Dr. Eugene Spafford, Professor of Computer Science and Electrical Engineering, at Purdue University and Director of the Center for Education and Research and Security, shares his thoughts here with us on the focus of CISO's, shortage of trained professionals in information security and career advice to candidates wanting to venture in the field-

Q: What according to you should chief information security officer, the CEO of companies focus their time and energy on within information security?

Dr. Eugene Spafford: I have spoken with several, and their concerns clearly are how to know that they're spending the right amount, and what is it really going to do for business if they do or don't spend on certain things? I think the first thing that needs to get across to many of these people is that security is not a return on investment kind of expenditure. It isn't an investment that produces returns. It is an infrastructure cost. It is a cost of doing business the same as providing heat and lights and the guard at front lobby are all part of infrastructure expenses. And you have to invest in appropriate amounts of security to maintain the viability of the organization, but to promote public trust and employee comfort. Both of which are important for the bottom line. If the public doesn't believe that you're going to protect their information appropriately, that you are not behaving in an ethical manner, then they are likely to eventually take their business elsewhere no matter how immediate the crisis are. Government is likely to penalize you as an organization if you haven't kept appropriate records, and we've seen over the last decade the increase of legislation in this arena and certainly employees given the choice in today's market where we have far more opportunities than candidates are going to take their business where they feel more comfortable, where they feel that they're doing something more ethical, or where they just feel better about the protection of their own information. So I talk to you people at the C level. I stress that the investment isn't expected to produce a tangible return but it's to create an environment where customers and employees and other entities are more comfortable doing business with a company because they realize they take care of privacy and security and value quality.

Q: How severe is the shortage for trained professionals in information security?

Spafford: The shortage is right now that maybe two or three potential positions exist for each person with appropriate training if they're willing to relocate and if they're willing to learn some new systems. The problems probably are going to get worse, though, because we don't have the defenses in place and as more businesses come online, as we do more government work online and fewer students are going into computing than are really needed the shortage is going to increase.

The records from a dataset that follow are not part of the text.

Lemma coef_rho_gen_homeo (R : comPzRingType) (phi : rtree_structure) (x x' : phitree phi)
    (y : phitree phi * phitree phi) :
  homeo x x' ->
  coef (eqv2 (@homeo phi)) (rho_gen R x) y = coef (eqv2 (@homeo phi)) (rho_gen R x') y.
Proof.
move=> [f [pf [f_onto hf]]]; rewrite !coefE !wsum_rho_gen.
rewrite [RHS](perm_big _ (perm_rt_edges_emb_onto pf f_onto)) big_map.
apply: eq_big_seq => v v_edge; apply: (ind_eqv2 R (@homeo_sym phi) (@homeo_trans phi)).
  exact: homeo_cut1_at.
exact: homeo_cut2_at.
Qed.

Section IteratedCuts.
Variables (phi : rtree_structure) (x : phitree phi).
Local Notation T := (tree x).
Local Notation vs := (rt_vs T).
Local Notation r := (rt_root T).

Section Nested.
Variables u v : nat.
Hypotheses (u_edge : u \in rt_edges T) (vin : v \in vs) (uv : desc T u v) (vu : v != u).

Let uin := rt_edge_mem u_edge.
Let not_vu : ~ desc T v u.
Proof. by move=> vu'; move/eqP: vu; apply; apply: desc_anti uin vu' uv. Qed.
Let v_edge : v \in rt_edges T.
Proof.
have ur : u != r by move: u_edge; rewrite mem_rt_edges => /andP[].
rewrite mem_rt_edges vin andbT; apply: contra ur => /eqP vr.
by move: uv; rewrite vr => /desc_root/eqP.
Qed.
Let v_edge1 := cut1_at_edge u_edge vin uv vu.
Let u_edge2 := cut2_at_edge v_edge u_edge not_vu.

Lemma homeo_cut1_at_cut1_at : homeo (cut1_at (cut1_at x u) v) (cut1_at x v).
Proof.
apply: (homeo_restriction_same (is_restriction_trans (is_restriction_cut1_at _ v)
  (is_restriction_cut1_at x u)) (is_restriction_cut1_at x v)).
- move=> t; rewrite (cut1_at_vs v_edge1) (cut1_at_vs u_edge) (cut1_at_vs v_edge) !mem_filter.
  have [tin|] := boolP (t \in vs); last by rewrite !andbF.
  rewrite !andbT (asbool_equiv_eq (desc_cut1_at u_edge t uv vu)).
  by apply/andP/idP => [[] //| vt]; split=> //; apply/asboolP/(desc_trans uv)/asboolP.
- by rewrite (cut1_at_root v_edge1) (cut1_at_root v_edge).
- move=> t; rewrite (cut1_at_vs v_edge1) (cut1_at_vs u_edge) !mem_filter.
  rewrite (cut1_at_root v_edge1).
  move=> /and3P[/asboolP vt _ _] tv.
  rewrite (cut1_at_par v_edge1) (cut1_at_par u_edge) (cut1_at_par v_edge) /= (negbTE tv).
  by case: eqP => // tu; case: not_vu; rewrite -tu; apply/(desc_cut1_at u_edge t uv vu).
Qed.

Lemma homeo_cut2_at_cut1_at : homeo (cut2_at (cut1_at x u) v) (cut1_at (cut2_at x v) u).
Proof.
apply: (homeo_restriction_same
  (is_restriction_trans (is_restriction_cut2_at _ v) (is_restriction_cut1_at x u))
  (is_restriction_trans (is_restriction_cut1_at _ u) (is_restriction_cut2_at x v))).
- move=> t; rewrite (cut2_at_vs v_edge1) (cut1_at_vs u_edge) (cut1_at_vs u_edge2).
  rewrite (cut2_at_vs v_edge) !mem_filter (desc_cut2_at v_edge).
  have [tin|] := boolP (t \in vs); last by rewrite !andbF.
  by rewrite (asbool_equiv_eq (desc_cut1_at u_edge t uv vu)) !andbT andbC.
- by rewrite (cut2_at_root v_edge1) (cut1_at_root u_edge) (cut1_at_root u_edge2).
- move=> t _ _; rewrite (cut2_at_par v_edge1) (cut1_at_par u_edge).
  by rewrite (cut1_at_par u_edge2) (cut2_at_par v_edge).
Qed.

Q: What advice would you give somebody thinking of starting this career? Where would they want to go for school or what type of major should they look at? Will a business or computer science student also be interested in this major?

Spafford: There are a number of different ways to approach this. Certainly computer science, computer engineering and business are three potential approaches, depending on the aspects that one is interested in. But we're also seeing some programs coming through criminology for the whole area of cyber forensics and cyber law enforcement as one arena. I've seen some people coming through education schools and information technology programs, but that also have very good grounding. It really depends on whether you're interested in applications in a particular area or management or in research and that really should be the guide.